It was such an odd situation.

I was on the phone with Annie, who was telling me the good news that another African trafficking victim was ready to leave the street. She will no longer be stuck in a life of prostitution. She will be free.

I had been walking home from outreach when I received Annie’s call, and I stopped walking to listen to what she was saying. I realized when I hung up the phone that I had stopped on a corner where many international trafficking victims are pimped out by their traffickers. On my right were several Central Asian women in evening gowns, and on my left, I heard an Indian woman arguing with a man about the price of her services.

Just then, a man approached me. He asked, “Are you free?”

“No,” I told him, and he walked away. I’m glad he walked away. Some men think “no” means, “keep trying!”

As I continued on my way home, the man’s question echoed in my mind to the rhythm of my footsteps. “Are you free? Are you free? Are you free?”

How ironic, I thought. He was asking if I was available for sex, but his words struck me. He asked me if I was free. I told him I was not available, but, in reality, yes, I am free. I am free to say no to him, to walk away, to leave that little corner of hell-on-earth when I want to. The other women there? If he had asked them, “Are you free?” they would have answered differently about their availability. But, what would their availability reveal about their freedom?

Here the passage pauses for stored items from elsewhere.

Lemma tensor_zero_vanishes_near (N : lmodType k) (s : seq (N * infmx k)) :
  tensor_zero P (@vanishes_near F k) s ->
  vanishes_near F (fun i j => \sum_(p <- s) p.2 i j *: p.1).
Proof.
pose B n A := \pi_{quot eventually_zero F N} (mxtensor n A).
have B_bilin : bilin_on P (@vanishes_near F k) B.
  split; [|split].
  - move=> v _ a n1 n2; rewrite /B -pi_germZ -raddfD; congr \pi.
    apply: funext => i; apply: funext => j.
    by rewrite /mxtensor -[RHS]/(a *: (v i j *: n1) + v i j *: n2) scalerDr !scalerA mulrC.
  - move=> n a v1 v2 _ _; rewrite /B -pi_germZ -raddfD; congr \pi.
    apply: funext => i; apply: funext => j.
    by rewrite /mxtensor -[RHS]/(a *: (v1 i j *: n) + v2 i j *: n) scalerA -scalerDl.
  - move=> n v v0; apply/pi_germ_eq0; apply: filterS v0 => x v0.
    by rewrite -[LHS]/(v x.1 x.2 *: n) v0 scale0r.
move=> /(_ _ B B_bilin); rewrite -raddf_sum => /pi_germ_eq0.
congr vanishes_near; apply: funext => i; apply: funext => j.
by rewrite fct_sumE fct_sumE.
Qed.

Lemma level_coefficient_dichotomy (N' N : lmodType k) (f : {linear N' -> N})
    (s : seq (N' * infmx k)) t :
  injective f -> tensor_zero P (@vanishes_near F k) [seq (f p.1, p.2) | p <- s] ->
  let w := witness (map snd s) t in
  \sum_(p <- s) p.2 w.1 w.2 *: p.1 = 0 \/ vanishes_near F (level (map snd s) t).
Proof.
move=> f_inj /tensor_zero_vanishes_near s0 w.
have {}s0 : \forall x \near F, \sum_(p <- s) p.2 x.1 x.2 *: p.1 = 0.
  apply: filterS s0 => x; rewrite big_map /= => fs0; apply: f_inj.
  by rewrite linear0 linear_sum -[RHS]fs0; apply: eq_bigr => p _; rewrite linearZ.
have [->|c_neq0] := eqVneq (\sum_(p <- s) p.2 w.1 w.2 *: p.1) 0; [by left | right].
apply: filterS s0 => x s0; rewrite /level; case: eqP => // prof_x.
case/eqP: c_neq0; rewrite -[RHS]s0; apply: eq_big_seq => p s_p; congr (_ *: _).
by rewrite /w -prof_x entry_witness // map_f.
Qed.

Hypotheses (P0 : P (@mxzero k))
  (Plin : forall a v1 v2, P v1 -> P v2 -> P (mxadd (mxscale a v1) v2))
  (P_finite_range : forall v, P v -> exists s : seq k, forall i j, v i j \in s)
  (P_level : forall vs t, (forall v, v \in vs -> P v) ->
     has (fun a => a != 0) t -> P (level vs t)).
Lemma spanning_tree_subtree Tr : spanning_tree e Tr -> Tr != set0 -> subtree Tr Tr.
Proof.
case=> _ paths _ Tr_n0; split=> // x y _ _.
by have [p /and3P[xp /eqP <- _]] := paths x y; apply/connectP; exists p.
Qed.

Lemma nontree_fundamental_collection Tr :
  spanning_tree e Tr -> Tr != set0 -> nontree e Tr != set0 ->
  Tr \subset fsum Tr (nontree e Tr) -> fundamental_collection e Tr (nontree e Tr).
Proof.
move=> st Tr_n0 nt_n0 /setIidPr fsumI.
split; first by split=> //; rewrite fsumI; exact: spanning_tree_subtree.
by move=> S' le_S' [_ ge_S' _]; apply/eqP; rewrite eqEsubset ge_S' le_S'.
Qed.

Lemma not_DEP_collection Tr S : (1 < #|S|)%N ->
  (forall E F, E \in S -> F \in Defs.fcycle Tr E -> F != E ->
     exists2 E', E' \in S /\ E' != E & F \in Defs.fcycle Tr E') ->
  ~ DEP_collection Tr S.
Proof.
move=> S_gt1 shared [s [s_uniq sS grows]].
have s_gt1 : (1 < size s)%N.
  have s_S : s =i S by move=> E; apply/idP/idP => /sS.
  by rewrite -(card_uniqP s_uniq) (eq_card s_S).
set i := (size s).-1; set E := nth set0 s i.
have size_sK : i.+1 = size s by rewrite prednK // ltnW.
have lt_i : (i < size s)%N by rewrite -size_sK.
have gt0_i : (0 < i)%N by rewrite -ltnS size_sK.
have := grows i; rewrite gt0_i lt_i => /(_ isT); apply/negP.
rewrite -leqNgt -(cards1 E) subset_leq_card //; apply/subsetP => F.
rewrite inE in_set1 => /andP[F_new FE]; apply: contraT => FnE.
have [E' [/sS E's E'nE] FE'] := shared E F ((sS _).1 (mem_nth _ lt_i)) FE FnE.
have lt_j : (index E' s < i)%N.
  rewrite ltn_neqAle -ltnS size_sK index_mem E's andbT.
  by apply: contraNneq E'nE => j_i; rewrite -(nth_index set0 E's) j_i.
by case/negP: F_new; apply/bigcupP; exists (Ordinal lt_j); rewrite //= nth_index.
Qed.

Lemma not_DEP_wrt Tr : spanning_tree e Tr -> Tr != set0 ->
  (forall F, F \in Tr -> exists E1 E2, [/\ E1 \in nontree e Tr, E2 \in nontree e Tr,
     E1 != E2, F \in Defs.fcycle Tr E1 & F \in Defs.fcycle Tr E2]) ->
  ~ DEP_wrt e Tr.
Proof.
move=> st Tr_n0 two_cycles DEP.
have [F0 F0T] := set0Pn _ Tr_n0.
have [E1 [E2 [E1n E2n E12 _ _]]] := two_cycles F0 F0T.
have covered : Tr \subset fsum Tr (nontree e Tr).
  apply/subsetP => F FT; have [E [_ [En _ _ FE _]]] := two_cycles F FT.
  by apply/bigcupP; exists E.
have nt_n0 : nontree e Tr != set0 by apply/set0Pn; exists E1.
have fundamental := nontree_fundamental_collection st Tr_n0 nt_n0 covered.
apply: not_DEP_collection (DEP _ fundamental).
  by apply/card_gt1P; exists E1, E2.
move=> E F En FE FnE.
have FT : F \in Tr by case: (fcycle_edge FE) => // /eqP; rewrite (negbTE FnE).
have [E3 [E4 [E3n E4n E34 FE3 FE4]]] := two_cycles F FT.
case: (eqVneq E3 E) => [E3E|E3nE]; last by exists E3.
by exists E4 => //; split; rewrite // -E3E eq_sym.
Qed.

Lemma cycle_gainE (R : realType) Tr r (phi : V -> V -> R[i]) E (l : seq (V * V)) :
  uniq l ->
  (forall x y, (x != y) && ([set x; y] \in Defs.fcycle Tr E) && `[< ori Tr r x y >] =
               ((x, y) \in l)) ->
  cycle_gain Tr r phi E = \prod_(xy <- l) phi xy.1 xy.2.
Proof.
move=> l_uniq l_cycle; rewrite /cycle_gain big_uniq //.
by apply: eq_bigl => -[x y]; rewrite l_cycle.
Qed.

End FundamentalCycles.

(** * Angles modulo a period *)

Definition eqmod (R : numDomainType) (m x y : R) := exists k : int, x = y + k%:~R * m.

Section Angles.
Variable R : realType.
Implicit Types m p c d x y : R.

Lemma eqmodDr m x y z : eqmod m x (y - z) -> eqmod m (x + z) y.
Proof. by case=> k ->; exists k; ring. Qed.

Lemma eqmod_window m c L : 0 < m -> exists2 x, eqmod m x c & L <= x <= L + m.
Proof.
move=> m_gt0; set k := Num.ceil ((L - c) / m).
exists (c + k%:~R * m); first by exists k.
have /andP[lt_k ge_k] := ceil_itv ((L - c) / m).
have kmE : (L - c) / m * m = L - c by rewrite divfK ?gt_eqF.
have := ler_wpM2r (ltW m_gt0) ge_k; rewrite -(ltr_pM2r m_gt0) in lt_k.
by move: lt_k; rewrite intrB mulrBl mul1r kmE => ? ?; apply/andP; split; lra.
Qed.

Lemma split_interval lo1 hi1 lo2 hi2 x : lo1 <= hi1 -> lo2 <= hi2 ->
  lo1 + lo2 <= x <= hi1 + hi2 ->
  exists x1 x2, [/\ lo1 <= x1 <= hi1, lo2 <= x2 <= hi2 & x = x1 + x2].
Proof.
move=> le1 le2 /andP[lo_x x_hi]; case: (lerP lo1 (x - hi2)) => hx.
  by exists (x - hi2), hi2; split; rewrite ?subrK //; apply/andP; split; lra.
by exists lo1, (x - lo1); split; rewrite ?(addrC lo1) ?subrK //; apply/andP; split; lra.
Qed.

Variable p : R.
Hypothesis p_gt0 : 0 < p.
Let period_gt0 : 0 < 4 * p := mulr_gt0 (ltr0n _ 4) p_gt0.

Lemma antipodal_reps c : exists d d',
  [/\ eqmod (4 * p) d (c - p), eqmod (4 * p) d' (c + p) & `|d| + `|d'| = 2 * p].
Proof.
have [c' [k ->] /andP[lo_c' c'_hi]] := eqmod_window c (- p) period_gt0.
case: (lerP (c + k%:~R * (4 * p)) p) => c'_p.
  exists (c + k%:~R * (4 * p) - p), (c + k%:~R * (4 * p) + p).
  split; [by exists k; ring | by exists k; ring |].
  by rewrite ler0_norm ?ger0_norm; lra.
exists (c + k%:~R * (4 * p) - p), (c + k%:~R * (4 * p) - 3 * p).
split; [by exists k; ring | by exists (k - 1); rewrite intrB; ring |].
by rewrite ger0_norm ?ler0_norm; lra.
Qed.

(* [c - p] and [c + p] are antipodal modulo [4 p], so their distances to [0]
   add up to [2 p]; summing over [c1] and [c2], one of the shifts [y = p] and
   [y = - p] leaves a total distance of at most [2 p]. *)
Lemma common_shift c1 c2 : exists y d1 d2,
  [/\ `|y| <= p, eqmod (4 * p) d1 (c1 - y), eqmod (4 * p) d2 (c2 - y) &
      `|d1| + `|d2| <= 2 * p].
Proof.
have [d1 [d1' [e1 e1' s1]]] := antipodal_reps c1.
have [d2 [d2' [e2 e2' s2]]] := antipodal_reps c2.
case: (lerP (`|d1| + `|d2|) (2 * p)) => small.
  by exists p, d1, d2; rewrite (ger0_norm (ltW p_gt0)).
exists (- p), d1', d2'; rewrite normrN (ger0_norm (ltW p_gt0)) opprK.
by split=> //; lra.
Qed.

Lemma half_window d : `|d| <= 2 * p -> exists lo hi,
  hi - lo = 2 * p - `|d| /\ forall x, lo <= x <= hi -> `|x| <= p /\ `|d - x| <= p.
Proof.
rewrite ler_norml => /andP[d_lo d_hi].
have bounds lo hi : lo <= hi -> -p <= lo -> hi <= p -> d - p <= lo -> hi <= d + p ->
    forall x, lo <= x <= hi -> `|x| <= p /\ `|d - x| <= p.
  by move=> *; rewrite !ler_norml; split; apply/andP; split; lra.
case: (lerP 0 d) => d_sgn.
  by exists (d - p), p; rewrite ger0_norm //; split; [lra | apply: bounds; lra].
by exists (- p), (d + p); rewrite ltr0_norm //; split; [lra | apply: bounds; lra].
Qed.

Lemma K4_cycle_angles c1 c2 c3 : exists a1 a2 a3 b1 b2 b3,
  [/\ all (fun a => `|a| <= p) [:: a1; a2; a3; b1; b2; b3],
      eqmod (4 * p) (a1 + a2 + b1) c1, eqmod (4 * p) (a2 + a3 + b2) c2 &
      eqmod (4 * p) (a1 + a2 + a3 + b3) c3].
Proof.
have [y [d1 [d2 [y_p e1 e2 d12]]]] := common_shift c1 c2.
have d1_le : `|d1| <= 2 * p by have := normr_ge0 d2; lra.
have d2_le : `|d2| <= 2 * p by have := normr_ge0 d1; lra.
have [lo1 [hi1 [w1 win1]]] := half_window d1_le.
have [lo2 [hi2 [w2 win2]]] := half_window d2_le.
have [s e3 /andP[s_lo s_hi]] :=
  eqmod_window (c3 - y) (lo1 + lo2 - p) period_gt0.
have [u [b [u_range b_range s_ub]]] : exists u b,
    [/\ lo1 + lo2 <= u <= hi1 + hi2, - p <= b <= p & s = u + b].
  by apply: split_interval; [lra | lra | apply/andP; split; lra].
have [x [z [x_range z_range u_xz]]] : exists x z,
    [/\ lo1 <= x <= hi1, lo2 <= z <= hi2 & u = x + z].
  by apply: split_interval; [lra | lra | exact: u_range].
exists x, y, z, (d1 - x), (d2 - z), b.
have [x_p dx_p] := win1 x x_range; have [z_p dz_p] := win2 z z_range.
split.
- by rewrite /= x_p y_p z_p dx_p dz_p ler_norml b_range.
- by rewrite (_ : x + y + (d1 - x) = d1 + y); [exact: eqmodDr | ring].
- by rewrite (_ : y + z + (d2 - z) = d2 + y); [exact: eqmodDr | ring].
- by rewrite (_ : x + y + z + b = s + y); [exact: eqmodDr | rewrite s_ub u_xz; ring].
Qed.

End Angles.

Section Gains.
Variable R : realType.
Implicit Types a b : R.

Lemma expiD a b : expi (a + b) = expi a * expi b.
Proof. by rewrite /expi cosD sinD; apply/eqP; rewrite eq_complex /= !eqxx /= addrC. Qed.

Lemma expiN a : expi (- a) = (expi a)^-1.
Proof.
apply/esym/mulr1_eq; rewrite -expiD subrr.
by rewrite /expi cos0 sin0.
Qed.

Lemma norm_expi a : `|expi a| = 1.
Proof. by rewrite normc_def /= cos2Dsin2 sqrtr1. Qed.

Lemma expi_periodic a n : expi (a + (pi *+ 2) *+ n) = expi a.
Proof. by rewrite /expi (periodicn (@cosD2pi R)) (periodicn (@sinD2pi R)). Qed.

Lemma expi_eqmod a b : eqmod (pi *+ 2) a b -> expi a = expi b.
Proof.
case=> -[n|n] ->; first by rewrite pmulrn mulr_natl expi_periodic.
by rewrite NegzE mulrNz pmulrn mulNr mulr_natl -(expi_periodic _ n.+1) subrK.
Qed.

Lemma Re_expi_ge0 a : `|a| <= pi / 2 -> 0 <= Re (expi a).
Proof. by rewrite -complexRe ler0c /= ler_norml; exact: cos_ge0_pihalf. Qed.

End Gains.

(** * Computations on K4 *)

Definition K4_vertices : seq 'I_4 :=
  [:: Ordinal (isT : 0 < 4); Ordinal (isT : 1 < 4); Ordinal (isT : 2 < 4);
      Ordinal (isT : 3 < 4)]%N.

Lemma nth_K4_vertices (x : 'I_4) : nth ord0 K4_vertices x = x.
Proof. by case: x => [[|[|[|[|m]]]] lt_m4] //; apply: val_inj. Qed.

Lemma mem_K4_vertices (x : 'I_4) : x \in K4_vertices.
Proof. by rewrite -(nth_K4_vertices x) mem_nth. Qed.

(* [[forall x, _]] and [[exists x, _]] do not reduce under [vm_compute]: the
   enumeration of ['I_4] goes through the opaque proof [idP]. *)
Definition every (P : pred 'I_4) := all P K4_vertices.
Definition some (P : pred 'I_4) := has P K4_vertices.
Notation "[ 'every' i .. j , P ]" := (every (fun i => .. (every (fun j => P)) ..))
  (at level 0, i binder, j binder).
Notation "[ 'some' i .. j , P ]" := (some (fun i => .. (some (fun j => P)) ..))
  (at level 0, i binder, j binder).

Lemma everyP (P : pred 'I_4) : reflect (forall x, P x) (every P).
Proof.
apply: (iffP allP) => [P_all x | P_all x _]; last exact: P_all.
exact: P_all (mem_K4_vertices x).
Qed.

Lemma someP (P : pred 'I_4) : reflect (exists x, P x) (some P).
Proof.
apply: (iffP hasP) => [[x _ Px] | [x Px]]; exists x => //.
exact: mem_K4_vertices.
Qed.

Section K4Reflection.
Implicit Types (t : rel 'I_4) (pt : 'I_4 -> 'I_4 -> seq 'I_4).
Implicit Types (r u w x y : 'I_4) (p : seq 'I_4).

Fixpoint words n : seq (seq 'I_4) :=
  if n is n'.+1 then [::] :: [seq x :: q | x <- K4_vertices, q <- words n']
  else [:: [::]].

Lemma mem_words n p : (size p <= n)%N -> p \in words n.
Proof.
elim: n p => [|n IHn] [|x p] // size_p.
have -> : words n.+1 = [::] :: [seq x :: q | x <- K4_vertices, q <- words n] by [].
rewrite in_cons; apply/orP; right.
by apply/allpairsP; exists (x, p); rewrite mem_K4_vertices IHn.
Qed.

Definition is_path t x y p := [&& path t x p, last x p == y & uniq (x :: p)].

Lemma is_path_words t x y p : is_path t x y p -> p \in words 3.
Proof.
case/and3P=> _ _ /card_uniqP size_p; apply: mem_words.
by have := max_card (mem (x :: p)); rewrite size_p card_ord.
Qed.

Definition tree_path t x y := head [::] [seq p <- words 3 | is_path t x y p].

(* [tree_path] tabulated, so that the searches through [words 3] are
   evaluated once per relation by [vm_compute] *)
Definition path_table t :=
  let tab := [seq [seq tree_path t x y | y <- K4_vertices] | x <- K4_vertices] in
  fun x y => nth [::] (nth [::] tab x) y.

Lemma path_tableE t : path_table t = tree_path t.
Proof.
apply/funext=> x; apply/funext=> y.
by rewrite /path_table !(nth_map ord0) ?nth_K4_vertices ?size_map.
Qed.

Definition unique_paths t pt := [every x y,
  is_path t x y (pt x y) && all (fun p => is_path t x y p ==> (p == pt x y)) (words 3)].
Definition tree_le pt r x y := x \in r :: pt r y.
Definition normal_order pt r :=
  [every x y, (x != y) ==> tree_le pt r x y || tree_le pt r y x].
Definition on_fcycle pt u w a b :=
  [|| pair_eq a b u w, in_walk u (pt u w) a b | in_walk w (pt w u) a b].
Definition on_oriented_fcycle t pt r u w x y :=
  [&& x != y, on_fcycle pt u w x y &
      if t x y then tree_le pt r x y else tree_le pt r y x].

Section SpanningTree.
Variable Tr : {set {set 'I_4}}.
Hypothesis Tr_spanning : spanning_tree K4 Tr.
Local Notation t := (Defs.frel Tr).
Local Notation pt := (tree_path (Defs.frel Tr)).

Lemma tree_pathP x y p : Defs.fpath Tr x y p <-> p = pt x y.
Proof.
have [_ paths unique] := Tr_spanning; have [q q_path] := paths x y.
have : q \in [seq p <- words 3 | is_path t x y p].
  by rewrite mem_filter (is_path_words q_path) andbT.
have := filter_all (is_path t x y) (words 3); rewrite /tree_path.
case: [seq p <- _ | _] => // q' l /andP[q'_path _] _.
by split=> [p_path | ->]; [exact: unique p_path q'_path | exact: q'_path].
Qed.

“Are you free?” “Yes.” “How much?” The woman would tell him the price her trafficker has told her to ask, call the trafficker to report she was going with a man, and then follow him back to his hotel room. Whatever would happen behind those doors, only those two people know, but she is certainly not free there. When a man is paying for sex, he feels entitled to his fantasy. Time after time, we hear of men demanding acts the women don’t want to do. Sometimes, after sex, the man sends her out the door without any money. One woman we’re assisting now had her teeth knocked loose when she demanded payment from a man like that. When she leaves his room, she calls her trafficker again before returning to the streets. At the end of a long night, her aching feet carry her back to the room she rents with several other women. Her trafficker stands at the door to collect the night’s money before allowing her to go inside and rest, searching her purse and feeling her body to see if she tried to keep any money back for herself.

“Are you free?” It’s a good question, but I wonder if he really wants to know the answer.

Annie’s blog about outreach earlier that evening.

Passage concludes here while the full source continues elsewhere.